“那太没意思了,怎么也得把他耍够了,落落他的嚣张气焰才行!”说完,似乎怒气也消了一些,恢复了那副慵懒的模样,“再说了,我守在这鬼地方二十年了,天天就对着你和云海这两个‘吃白食’,还有那个破烂旱莲,人都要发霉了。好不容易来个好玩的,还不好好耍耍,哈哈哈……”

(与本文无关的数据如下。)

(* Let $p(n)=\sum_{k=0}^d a_k n^k$ be a polynomial with real coefficients $a_0,\ldots,a_d$, and let $p_k(n)=a_k n^k$ denote its terms. Then the sequence $\{p(n)\bmod 1\}_{n\ge0}$ in $\mathbb{T}$ has the repetition property if and only if the sequences $\{p_k(n)\bmod 1\}_{n\ge0}$, $0\le k\le d$, have the joint repetition property.
   Context: $\mathbb{T}=\mathbb{R}/\mathbb{Z}$ with metric $\mathrm{dist}(x,y)=\langle x-y\rangle$, where $\langle\tau\rangle=\min\{|\hat\tau-p|:p\in\mathbb{Z}\}$ for any representative $\hat\tau\in\mathbb{R}$ of $\tau$. $\mathbb{Z}_+=\{1,2,\ldots\}$. A sequence $\{\omega_n\}_{n\ge0}$ in a metric space $\Omega$ has the repetition property if for every $\varepsilon>0$ and $r \in \mathbb{Z}_+$ there exists $q \in \mathbb{Z}_+$ such that $\mathrm{dist}(\omega_n,\omega_{n+q}) < \varepsilon$ for $n = 0,1,\ldots, rq$. A family of sequences has the joint repetition property if each of them has the repetition property and, for each finite subfamily and each $\varepsilon>0$, $r\in\mathbb{Z}_+$, a single $q\in\mathbb{Z}_+$ can be chosen that works simultaneously for all sequences in the subfamily. *)

From Stdlib Require Import Reals Lra Lia List.
Open Scope R_scope.

(* <t> = distance from t to the nearest integer = min_{p in Z} |t - p|.
   With f = t - floor t in [0,1), this is min(f, 1-f). *)
Definition frac (t : R) : R := t - IZR (Int_part t).
Definition tnorm (t : R) : R := Rmin (frac t) (1 - frac t).

(* Metric on T = R/Z, on representatives. *)
Definition tdist (x y : R) : R := tnorm (x - y).

(* A sequence in T, given by real representatives w : nat -> R
   (i.e. the sequence w n mod 1). *)
Definition repetition (w : nat -> R) : Prop :=
  forall (eps : R) (r : nat), 0 < eps -> (1 <= r)%nat ->
    exists q : nat, (1 <= q)%nat /\
      forall n : nat, (n <= r * q)%nat -> tdist (w n) (w (n + q)%nat) < eps.

Definition joint_repetition {I : Type} (F : I -> nat -> R) : Prop :=
  (forall i, repetition (F i)) /\
  forall (S : list I) (eps : R) (r : nat), 0 < eps -> (1 <= r)%nat ->
    exists q : nat, (1 <= q)%nat /\
      forall i, In i S ->
        forall n : nat, (n <= r * q)%nat -> tdist (F i n) (F i (n + q)%nat) < eps.

Definition poly_term (a : nat -> R) (k n : nat) : R := a k * INR n ^ k.
Definition poly_eval (a : nat -> R) (d n : nat) : R := sum_f_R0 (fun k => poly_term a k n) d.

From Stdlib Require Import Reals Lra Lia List ZArith Factorial.
Open Scope R_scope.

(* Both directions are phrased with almost periods: q is an eps-almost period
   of w on [0, N] if dist(w n, w (n+q)) < eps for all n <= N.
   (<=) By the triangle inequality on T, a common almost period of all the
   p_k with error eps/(d+1) is an almost period of p with error eps.
   (=>) By induction on the degree (all_terms_almost_periodic): a good enough
   almost period q of p has a multiple m q, with m bounded, which is a common
   almost period of all the terms.  For the top term, g(n) = p(n) - p(n+q) is
   close to integers on a long range and its (d+1)-th difference vanishes; it
   therefore lifts to a small real sequence h with the same property
   (small_lift), whose d-th difference, scaled by coarse differences of step s,
   is small.  As that difference is -(d+1)! a_(d+1) q mod Z, the real number
   a_(d+1) (d+1)! q is very close to an integer, which makes (d+1)! q an almost
   period of the top term; subtracting it leaves a polynomial of lower degree. *)

Lemma frac_bounds t : 0 <= frac t < 1.
Proof. unfold frac. destruct (base_Int_part t). lra. Qed.

Lemma tnorm_attained x : exists z, tnorm x = Rabs (x - IZR z).
Proof.
  unfold tnorm. destruct (frac_bounds x) as [H1 H2].
  unfold Rmin. destruct (Rle_dec (frac x) (1 - frac x)).
  - exists (Int_part x). unfold frac in *. rewrite Rabs_right; lra.
  - exists (Int_part x + 1)%Z. rewrite plus_IZR. unfold frac in *.
    rewrite Rabs_left; lra.
Qed.

Lemma tnorm_le x z : tnorm x <= Rabs (x - IZR z).
Proof.
  unfold tnorm. destruct (frac_bounds x) as [H1 H2].
  assert (E : x - IZR z = frac x - IZR (z - Int_part x)).
  { unfold frac. rewrite minus_IZR. ring. }
  rewrite E. destruct (Z_le_gt_dec (z - Int_part x) 0) as [Hk|Hk].
  - apply IZR_le in Hk. apply Rle_trans with (frac x); [apply Rmin_l|].
    rewrite Rabs_right; lra.
  - assert (Hk' : (1 <= z - Int_part x)%Z) by lia. apply IZR_le in Hk'.
    apply Rle_trans with (1 - frac x); [apply Rmin_r|].
    rewrite Rabs_left1; lra.
Qed.

Lemma tnorm_shift x z : tnorm (x + IZR z) = tnorm x.
Proof.
  apply Rle_antisym.
  - destruct (tnorm_attained x) as [z0 H]. rewrite H.
    replace (x - IZR z0) with (x + IZR z - IZR (z0 + z)) by (rewrite plus_IZR; ring).
    apply tnorm_le.
  - destruct (tnorm_attained (x + IZR z)) as [z0 H]. rewrite H.
    replace (x + IZR z - IZR z0) with (x - IZR (z0 - z)) by (rewrite minus_IZR; ring).
    apply tnorm_le.
Qed.

Lemma tnorm_opp x : tnorm (- x) = tnorm x.
Proof.
  apply Rle_antisym.
  - destruct (tnorm_attained x) as [z0 H]. rewrite H.
    replace (x - IZR z0) with (- (- x - IZR (- z0))) by (rewrite opp_IZR; ring).
    rewrite Rabs_Ropp. apply tnorm_le.
  - destruct (tnorm_attained (- x)) as [z0 H]. rewrite H.
    replace (- x - IZR z0) with (- (x - IZR (- z0))) by (rewrite opp_IZR; ring).
    rewrite Rabs_Ropp. apply tnorm_le.
Qed.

说完,乜氏打了个哈欠,吩咐道:“石林,我困了,要睡会儿。别再让这样的事来打扰我,听到没!另外,告诉云海,他的火莲茉莉茶不错,没事就多备着点啊。”说吧,伸着懒腰入了后堂。
石林微笑着目送乜氏离去,而后转身冲着刚进门的云海说道:“居主吩咐你多备点火莲茉莉茶,听到啦?我就说你,瞎折腾什么,看,辛苦是自找的!走吧。”说罢,招呼云海一同离去……
滕文渊将林夕安置在农家,接着马不停蹄地走访了村子。村子说大不大,说小也不小,前后大约三里长,有百户人家。村民对外人并没有太多的戒心,然而闻得滕文渊要打听贼一事,却极是忌讳,摇头撒手说不知道。滕文渊直走到日落西山,也没有问到一点有用的线索。唯一的收获是,他基本了解了村落的布局与地形。在村子的尽头、上伴云居的山道旁,立着一个瞭望塔。他问过村民,那是在恶劣天气的情况下,村民监测黄河动向,对洪涝提前报警的地方。滕文渊登上塔顶,果然,在上面能够将黄河的潮起潮落看得清清楚楚,同时,整条村落也尽收眼底。这里应该是晚上值守最合适的地方了。
天色渐晚,滕文渊亲自给林夕喂过粥水,又对照顾林夕的农妇仔细地叮嘱了几句,而后换上了一身黑色劲装,执起佩剑,出了门。他来到瞭望塔,几下轻纵,跃上了塔顶,盘腿坐下,将佩剑放在膝上,目不转睛地注视着村落里的动静。
时间一点点地过去,渐渐的,村里的灯火一盏一盏地熄灭了,最后,唯余天上的一轮明月,洒下柔和的月光。三里外的黄河依旧咆哮不止,夜风夹带着苦涩的腥气,吹拂在他的脸上、身上,吹得剑上的流苏飘舞了起来。
夜——除了浪声、风声,还有偶尔的狗吠声,整个村落都陷入了平静的甜梦中。久久的,久久的,没有一丝动静。滕文渊仰头望着天上的明月,思绪有点儿恍惚。在那明月当中赫然出现了林夕俏皮的脸。
“喂,笨蛋!”
“喂,笨蛋!”
“喂,笨蛋……”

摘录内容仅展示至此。